Harvard Professor Recommends Homeschooling Ban

“Like the golden retriever who breaks into the dog treat factory, where do I begin?” asks Mike McShane, a Forbes contributor in response to a recent Harvard article about “The Risks of Homeschooling.”

According to Harvard Law professor Elizabeth Bartholet, homeschooling violates children’s right to a meaningful education and can prevent them from contributing positively to society. Due to a lack of state requirements, as well as regulations about the level of education needed by parents who homeschool, she even recommends that homeschooling should be banned.

“Effectively…people can homeschool who’ve never gone to school themselves, who don’t read or write themselves,” said Bartholet.

For McShane though, the logic behind the article reeks of laziness and ignores the fastest-growing segments of homeschooling: families of children with special needs and minority families.

“It’s tough not to start with the image that Harvard Magazine chose to accompany the piece,” wrote McShane. “The child behind bars at home while other children frolic happily outside, the Bible used as part of the framework of the house, it’s like a royal flush of innuendo and lazy stereotypes. Hilariously, ‘arithmetic’ was also misspelled in the original.”

Homeschool champion and celebrity Sam Sorbo also weighed in on the article, noting that homeschool opponents are using COVID-19 education shortcomings from schools as a tool to support their cause.

“Just because tele-schooling is not performing to people’s expectations, what is right now?” Sorbo asked KTRH, a news radio station in Houston. “Schools certainly aren’t performing to people’s expectations. They’re shut down. They don’t want to lose children from the system because every child means money to the system.”
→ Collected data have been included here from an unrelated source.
(* Let $V(l_1),\ldots,V(l_6)$ be six real lines in $\mathbf{P}^2$, no three of which have a point in common, and fix an affine chart $\mathbb{R}^2 \subset \mathbf{P}^2(\mathbb{R})$ (with $\mathbb{C}^2 \subset \mathbf{P}^2(\mathbb{C})$) such that none of the six lines is the line at infinity. Then there is a union $E \subset \mathbb{R}^2$ of finitely many $1$-dimensional linear subspaces with the following property. For every $b \in \mathbb{R}^2 \setminus E$ and every differentiable map $\gamma_0\colon \mathbb{R}/\mathbb{Z} \to \mathbb{R}^2$ whose image meets the real branch locus $V(l_1\cdots l_6)(\mathbb{R})$ only in the points $\gamma_0(\overline{t}_1),\ldots,\gamma_0(\overline{t}_n)$ ($n \in\{3,4,5\}$), each of which is a double point of the arrangement (a point on exactly two of the lines), the spheroid $\alpha'\colon S^2 \to \mathbf{P}^2(\mathbb{C})$ defined below meets the branch locus $V(l_1\cdots l_6)$ only in the images of the points $(\overline{t}_i, 0)$, $i=1,\ldots,n$, i.e. only in the three to five real points $\gamma_0(\overline{t}_i)$. Construction of $\alpha'$: let $\gamma'\colon (\mathbb{R}/\mathbb{Z}) \times \mathbb{R} \to \mathbb{C}^2 \subset \mathbf{P}^2(\mathbb{C})$, $(t,u) \mapsto \gamma_0(t) + \mathrm{i}\,u b$. The limits $\lim_{u\to\pm\infty}\gamma'(t,u)$ exist in $\mathbf{P}^2(\mathbb{C})$ and are independent of $t$ (both equal the point at infinity in direction $b$), so $\gamma'$ induces a continuous map $\alpha'$ from $(\mathbb{R}/\mathbb{Z}) \times [-\infty,\infty]$ with $(\mathbb{R}/\mathbb{Z})\times\{\infty\}$ and $(\mathbb{R}/\mathbb{Z})\times\{-\infty\}$ each collapsed to a point, which is the suspension $S(S^1) \cong S^2$. *)

From Stdlib Require Import Reals Lra.
From Coquelicot Require Import Coquelicot.
Open Scope R_scope.

(* A line arrangement of six real lines l_i = a i * X + b i * Y + c i * Z,
   indexed by i < 6 (homogeneous coordinates [X:Y:Z], affine chart Z = 1). *)
Record arrangement := mkArr { la : nat -> R; lb : nat -> R; lc : nat -> R }.

Definition lformC (A : arrangement) (i : nat) (X Y Z : C) : C :=
  (RtoC (la A i) * X + RtoC (lb A i) * Y + RtoC (lc A i) * Z)%C.

Definition lformR (A : arrangement) (i : nat) (x y : R) : R :=
  la A i * x + lb A i * y + lc A i.

Definition not_at_infinity (A : arrangement) : Prop :=
  forall i, (i < 6)%nat -> ~ (la A i = 0 /\ lb A i = 0).

Definition no_three_concurrent (A : arrangement) : Prop :=
  forall i j k, (i < 6)%nat -> (j < 6)%nat -> (k < 6)%nat ->
    i <> j -> j <> k -> i <> k ->
    forall X Y Z : C, ~ (X = RtoC 0 /\ Y = RtoC 0 /\ Z = RtoC 0) ->
      ~ (lformC A i X Y Z = RtoC 0 /\ lformC A j X Y Z = RtoC 0 /\ lformC A k X Y Z = RtoC 0).

Definition on_real_locus (A : arrangement) (x y : R) : Prop :=
  exists i, (i < 6)%nat /\ lformR A i x y = 0.

Definition on_locus (A : arrangement) (X Y Z : C) : Prop :=
  exists i, (i < 6)%nat /\ lformC A i X Y Z = RtoC 0.

Definition double_point (A : arrangement) (x y : R) : Prop :=
  exists j k, (j < 6)%nat /\ (k < 6)%nat /\ j <> k /\
    lformR A j x y = 0 /\ lformR A k x y = 0 /\
    forall m, (m < 6)%nat -> lformR A m x y = 0 -> m = j \/ m = k.

(* E = finite union of the 1-dimensional linear subspaces spanned by the
   (nonzero) vectors in the list dirs *)
Definition in_union_of_lines (dirs : list (R * R)) (p : R * R) : Prop :=
  exists v, List.In v dirs /\ exists s : R, p = (s * fst v, s * snd v).

Definition gamma' (g1 g2 : R -> R) (b : R * R) (t u : R) : C * C :=
  ((RtoC (g1 t) + Ci * RtoC (u * fst b))%C, (RtoC (g2 t) + Ci * RtoC (u * snd b))%C).

From Stdlib Require Import Reals Lra Lia Psatz List.
From Coquelicot Require Import Coquelicot.
Open Scope R_scope.

(* Write l_i = L_i + c_i with L_i the linear part, and take for E the six
   lines ker L_i through the origin, i.e. the parallels to the V(l_i).  For b
   outside E, [b : 0] lies on no V(l_i) because l_i [b : 0] = L_i(b) <> 0, and
   l_i(gamma0(t) + i u b) = l_i(gamma0(t)) + i u L_i(b) has nonzero imaginary
   part unless u = 0, which leaves only the real points gamma0(t) on the real
   locus. *)

Definition linear_part (A : arrangement) (i : nat) (v : R * R) : R :=
  la A i * fst v + lb A i * snd v.

Definition parallel_dirs (A : arrangement) : list (R * R) :=
  map (fun i => (- lb A i, la A i)) (seq 0 6).

Lemma kernel_of_nonzero_form (a c b1 b2 : R) :
  ~ (a = 0 /\ c = 0) -> a * b1 + c * b2 = 0 ->
  exists s : R, (b1, b2) = (s * - c, s * a).
Proof.
  intros Hac Hb.
  assert (Hn : a * a + c * c <> 0) by (intro; apply Hac; split; nra).
  exists ((a * b2 - c * b1) / (a * a + c * c)).
  f_equal; field_simplify_eq; auto.
  - assert (a * (a * b1 + c * b2) = 0) by (rewrite Hb; ring); lra.
  - assert (c * (a * b1 + c * b2) = 0) by (rewrite Hb; ring); lra.
Qed.

Lemma parallel_dirs_neq0 (A : arrangement) :
  not_at_infinity A -> forall v, In v (parallel_dirs A) -> v <> (0, 0).
Proof.
  intros Hinf v Hv E.
  apply in_map_iff in Hv as [i [<- Hi]]; apply in_seq in Hi.
  injection E; intros; apply (Hinf i); [lia | split; lra].
Qed.

Lemma linear_part_neq0 (A : arrangement) (b : R * R) (i : nat) :
  not_at_infinity A -> (i < 6)%nat ->
  ~ in_union_of_lines (parallel_dirs A) b -> linear_part A i b <> 0.
Proof.
  intros Hinf Hi Hb E; apply Hb.
  exists (- lb A i, la A i); split.
  - apply in_map_iff; exists i; split; [reflexivity | apply in_seq; lia].
  - destruct b as [b1 b2].
    exact (kernel_of_nonzero_form _ _ b1 b2 (Hinf i Hi) E).
Qed.

Lemma lformC_at_infinity (A : arrangement) (i : nat) (b : R * R) :
  lformC A i (RtoC (fst b)) (RtoC (snd b)) (RtoC 0) = RtoC (linear_part A i b).
Proof.
  unfold lformC, linear_part, RtoC, Cplus, Cmult.
  apply injective_projections; simpl; ring.
Qed.

Lemma lformC_gamma' (A : arrangement) (i : nat) g1 g2 b t u :
  lformC A i (fst (gamma' g1 g2 b t u)) (snd (gamma' g1 g2 b t u)) (RtoC 1) =
  (lformR A i (g1 t) (g2 t), u * linear_part A i b).
Proof.
  unfold lformC, lformR, linear_part, gamma', RtoC, Cplus, Cmult, Ci.
  apply injective_projections; simpl; ring.
Qed.

Lemma gamma'_at_0 g1 g2 b t :
  gamma' g1 g2 b t 0 = (RtoC (g1 t), RtoC (g2 t)).
Proof.
  unfold gamma', RtoC, Cplus, Cmult, Ci.
  apply injective_projections; apply injective_projections; simpl; ring.
Qed.

Theorem lemma4p2 (A : arrangement)
  (Hinf : not_at_infinity A) (H3 : no_three_concurrent A) :
  exists dirs : list (R * R),
    (forall v, List.In v dirs -> v <> (0, 0)) /\
    forall b : R * R, ~ in_union_of_lines dirs b ->
    forall (g1 g2 : R -> R) (n : nat) (ts : nat -> R),
      (* gamma0 = (g1, g2) : R/Z -> R^2 differentiable *)
      derivable g1 -> derivable g2 ->
      (forall t, g1 (t + 1) = g1 t /\ g2 (t + 1) = g2 t) ->
      (3 <= n <= 5)%nat ->
      (* the points gamma0(t_k), k < n, are pairwise distinct double points *)
      (forall k l, (k < n)%nat -> (l < n)%nat -> k <> l ->
         (g1 (ts k), g2 (ts k)) <> (g1 (ts l), g2 (ts l))) ->
      (forall k, (k < n)%nat -> double_point A (g1 (ts k)) (g2 (ts k))) ->
      (* the image of gamma0 meets the real branch locus only in these points *)
      (forall t, on_real_locus A (g1 t) (g2 t) ->
         exists k, (k < n)%nat /\ (g1 t, g2 t) = (g1 (ts k), g2 (ts k))) ->
      (* conclusion: alpha' meets V(l_1...l_6) only in the points gamma0(t_k):
         (i) the collapsed point at infinity [b1 : b2 : 0] is not on the locus *)
      ~ on_locus A (RtoC (fst b)) (RtoC (snd b)) (RtoC 0) /\
      (* (ii) the finite points gamma'(t,u) = gamma0(t) + i u b *)
      (forall t u, on_locus A (fst (gamma' g1 g2 b t u)) (snd (gamma' g1 g2 b t u)) (RtoC 1) ->
         exists k, (k < n)%nat /\
           gamma' g1 g2 b t u = (RtoC (g1 (ts k)), RtoC (g2 (ts k)))).
Proof.
  exists (parallel_dirs A); split; [exact (parallel_dirs_neq0 A Hinf) |].
  intros b Hb g1 g2 n ts _ _ _ _ _ _ Hreal; split.
  - intros [i [Hi E]].
    rewrite lformC_at_infinity in E; apply RtoC_inj in E.
    exact (linear_part_neq0 A b i Hinf Hi Hb E).
  - intros t u [i [Hi E]].
    rewrite lformC_gamma' in E; injection E as Ere Eim.
    assert (Hu : u = 0).
    { apply Rmult_integral in Eim as [Hu | HL]; [exact Hu |].
      contradiction (linear_part_neq0 A b i Hinf Hi Hb HL). }
    subst u; rewrite gamma'_at_0.
    destruct (Hreal t) as [k [Hk Ek]]; [exists i; split; assumption |].
    exists k; split; [exact Hk |].
    injection Ek as E1 E2; rewrite E1, E2; reflexivity.
Qed.
(* In a Fisher market in which every buyer has a Leontief utility function, run asynchronous tatonnement with update rule $p_j^{t+}=p_j^t(1+\lambda\min\{\tilde z_j,1\}(t-\tau_j))$, $0<\lambda\le\frac1{23.46}$, from strictly positive initial prices. Then for every $\epsilon>0$ there is a finite time $T_\epsilon$ such that for every good $j$, every $t\ge T_\epsilon$ and every $0\le\Delta t\le1$, $|p_j^t-p_j^{t+\Delta t}|\le\epsilon$.
   Context: A Fisher market has $n$ goods, each with supply $1$, and buyers $i$ with budgets $e_i>0$. At prices $p$, buyer $i$ demands a utility-maximizing bundle $(x_{ij}(p))_j$ of cost at most $e_i$; $x_j(p)=\sum_ix_{ij}(p)$, excess demand $z_j(p)=x_j(p)-1$. A Leontief utility is $u_i(x)=\min_{j\in S_i}b_{ij}x_{ij}$ for a nonempty set $S_i$ of goods and $b_{ij}>0$. Asynchronous tatonnement: continuous time $t\ge0$; each price $p_j$ changes only at discrete update times, no two updates simultaneous, consecutive updates to the same price at most one time unit apart; $p^t$ denotes current prices just before any update at time $t$, $p_j^{t+}$ the value just after. At an update to $p_j$ at time $t$, $\tau_j$ is the previous update time of $p_j$ ($0$ if none) and $\tilde z_j$ is any value between the minimum and maximum of $z_j(p^{t'})$ over $t'\in(\tau_j,t]$. *)

From Stdlib Require Import Reals.
Open Scope R_scope.

Fixpoint rsum (k : nat) (f : nat -> R) : R :=
  match k with
  | O => 0
  | S k' => rsum k' f + f k'
  end.
(* The derivative numerator of sin x / x is nonpositive on [0, π]. *)
Lemma x_cos_sub_sin_nonpos x : 0 <= x <= PI -> x * cos x - sin x <= 0.
Proof.
  intros [H0 H1]. destruct (Rle_lt_or_eq_dec 0 x H0) as [Hx|Hx].
  2:{ subst. rewrite sin_0. lra. }
  destruct (MVT_cor2 (fun c => c * cos c - sin c) (fun c => - c * sin c) 0 x Hx)
    as [d [Hd Hdx]].
  { intros y _. apply is_derive_Reals. auto_derive; auto. ring. }
  rewrite cos_0, sin_0 in Hd.
  assert (0 <= sin d) by (apply sin_ge_0; lra).
  assert (0 <= d * sin d * x) by (apply Rmult_le_pos; [apply Rmult_le_pos|]; lra).
  nra.
Qed.

(* sin x / x is nonincreasing on (0, π], written without division. *)
Lemma sinc_antitone x y : 0 < x -> x <= y -> y <= PI -> x * sin y <= y * sin x.
Proof.
  intros Hx Hxy Hy. destruct (Rle_lt_or_eq_dec x y Hxy) as [Hlt|Heq].
  2:{ subst; lra. }
  destruct (MVT_cor2 (fun c => sin c / c) (fun c => (c * cos c - sin c) / (c * c)) x y Hlt)
    as [d [Hd Hdxy]].
  { intros z Hz. apply is_derive_Reals. auto_derive; [lra|]. field. lra. }
  assert (Hnum := x_cos_sub_sin_nonpos d ltac:(lra)).
  assert (Hslope : (d * cos d - sin d) / (d * d) <= 0).
  { apply Rmult_le_0_r; [lra|]. left; apply Rinv_0_lt_compat; nra. }
  assert (Hq : sin y / y <= sin x / x) by nra.
  apply (Rmult_le_compat_r (x * y)) in Hq; [|nra].
  replace (sin y / y * (x * y)) with (x * sin y) in Hq by (field; lra).
  replace (sin x / x * (x * y)) with (y * sin x) in Hq by (field; lra).
  exact Hq.
Qed.

Definition sinc (v : R) : R := if Req_EM_T v 0 then 1 else sin v / v.

Section SincQuadratic.
Variable v : R.
Hypothesis Hv : 0 < v <= PI.

Let k (x : R) : R := sin v / v * x ^ 2 / 2 + cos x.

(* On [0, π], v is a minimizer of k: k' = x (sinc v - sinc x) changes sign at v. *)
Lemma sinc_quadratic_min_on_0_PI x : 0 <= x <= PI -> k v <= k x.
Proof.
  intros Hx.
  assert (Hmvt : forall a b, a < b ->
            exists d, k b - k a = (sin v / v * d - sin d) * (b - a) /\ a < d < b).
  { intros a b Hab. apply (MVT_cor2 k (fun d => sin v / v * d - sin d) a b Hab).
    intros u _. apply is_derive_Reals. unfold k. auto_derive; auto. simpl; field. lra. }
  destruct (Rtotal_order x v) as [Hlt|[Heq|Hgt]].
  - destruct (Hmvt x v Hlt) as [d [E Hd]].
    assert (d * sin v <= v * sin d) by (apply sinc_antitone; lra).
    assert (sin v / v * d - sin d <= 0).
    { replace (sin v / v * d - sin d) with ((d * sin v - v * sin d) / v) by (field; lra).
      apply Rmult_le_0_r; [lra|]. left; apply Rinv_0_lt_compat; lra. }
    nra.
  - subst; lra.
  - destruct (Hmvt v x Hgt) as [d [E Hd]].
    assert (v * sin d <= d * sin v) by (apply sinc_antitone; lra).
    assert (0 <= sin v / v * d - sin d).
    { replace (sin v / v * d - sin d) with ((d * sin v - v * sin d) / v) by (field; lra).
      apply Rdiv_le_0_compat; lra. }
    nra.
Qed.

(* k is even and exceeds k(π) beyond π, so v minimizes k on all of R. *)
Lemma sinc_quadratic_min x : k v <= k x.
Proof.
  assert (Hc : 0 <= sin v / v) by (apply Rdiv_le_0_compat; [apply sin_ge_0|]; lra).
  assert (Hnonneg : forall y, 0 <= y -> k v <= k y).
  { intros y Hy. destruct (Rle_dec y PI) as [HyPI|HyPI].
    - apply sinc_quadratic_min_on_0_PI; lra.
    - assert (HPI := sinc_quadratic_min_on_0_PI PI ltac:(pose proof PI_RGT_0; lra)).
      unfold k in *. rewrite cos_PI in HPI.
      assert (-1 <= cos y) by apply COS_bound.
      assert (sin v / v * PI ^ 2 <= sin v / v * y ^ 2) by (apply Rmult_le_compat_l; nra).
      lra. }
  destruct (Rle_dec 0 x) as [Hx|Hx]; [now apply Hnonneg|].
  replace (k x) with (k (- x)) by (unfold k; rewrite cos_neg; f_equal; f_equal; ring).
  apply Hnonneg; lra.
Qed.
End SincQuadratic.
(* Let $q$ be a prime power, $m\ge2$, $\ell\ge1$, $r_1,\dots,r_m\ge1$, $\ell\le k<m\ell$, and $n=\sum_{i=1}^m(\ell+r_i)$. Let $C_1,\dots,C_m\in\mathbb{F}_q^{k\times\ell}$, $D_i\in\mathbb{F}_q^{k\times r_i}$ for $i<m$ and $D_m'\in\mathbb{F}_q^{k\times(r_m-1)}$ be such that the matrix $(C_1\mid D_1\mid\dots\mid C_{m-1}\mid D_{m-1}\mid C_m\mid D_m')$, with blocks $(C_i\mid D_i)$ for $i<m$ and $(C_m\mid D_m')$, generates an $[n-1,k,\ell;r_1,\dots,r_{m-1},r_m-1]$-PMDS code. Let $y_1,\dots,y_\ell$ be variables and let $$G(y)=(C_1\mid D_1\mid\dots\mid C_m\mid D_m'\mid \textstyle\sum_{t=1}^\ell y_tC_m^{(t)})\in\mathbb{F}_q[y_1,\dots,y_\ell]^{k\times n},$$ where $C_m^{(t)}$ is the $t$-th column of $C_m$, with blocks $(C_i\mid D_i)$ for $i<m$ and $(C_m\mid D_m'\mid\sum_t y_tC_m^{(t)})$ as the $m$-th block. Let $\mathcal T_{k,\ell}(G(y))$ be the set of $k\times k$ submatrices of $G(y)$ with at most $\ell$ columns in each block, and $\tilde p(y)=\mathrm{lcm}\{\det S\mid S\in\mathcal T_{k,\ell}(G(y))\}$. Then the total degree of $\tilde p$ is at most $$M^*:=M(k-1;\ell+r_1,\dots,\ell+r_{m-1},\ell+r_m-1;\ell,\dots,\ell,\ell-1).$$
   Context: For positive integers $n_1,\dots,n_m$ with $n=\sum_i n_i$, nonnegative integers $f_1,\dots,f_m$ and an integer $k\ge0$, set $N_0=0$, $N_i=\sum_{j\le i}n_j$, $J_i=\{N_{i-1}+1,\dots,N_i\}$ for $i=1,\dots,m$, and let $M(k;n_1,\dots,n_m;f_1,\dots,f_m)$ be the number of subsets $I\subseteq\{1,\dots,n\}$ with $|I|=k$ and $|I\cap J_i|\le f_i$ for all $i$. An $[n,k]$-MDS code is a linear code of length $n$, dimension $k$, minimum Hamming distance $n-k+1$. PMDS codes: for integers $\ell\ge1$, $r_1,\dots,r_m\ge0$, $n=\sum_i(r_i+\ell)$, a linear code $C\subseteq\mathbb{F}^n$ of dimension $k<n$ with generator matrix $G=(B_1\mid\dots\mid B_m)$, $B_i\in\mathbb{F}^{k\times(r_i+\ell)}$, is an $[n,k,\ell;r_1,\dots,r_m]$-PMDS code if (i) each row space of $B_i$ is an $[r_i+\ell,\ell]$-MDS code, and (ii) for any choice of $r_i$ erased coordinates in block $i$ for every $i$, puncturing $C$ at them gives an $[m\ell,k]$-MDS code. *)

From HB Require Import structures.
From mathcomp Require Import all_boot all_order all_algebra.
From mathcomp Require Import mpoly.
Set Implicit Arguments. Unset Strict Implicit. Unset Printing Implicit Defensive.
Import Order.TTheory GRing.Theory.
Local Open Scope ring_scope.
While McShane acknowledged that a few students are victims of abuse in homeschooling, he also offered the realistic reminder that a ban on homeschooling fails to ignore those victimized in traditional schools.

“Banning homeschooling would thrust thousands of children who left traditional schools to avoid maltreatment back into the very schools where they were victimized,” wrote McShane. “It will narrow the options available to families to find the environment that best meets their child’s needs, and it will undermine the very pluralism that our nation is founded upon.”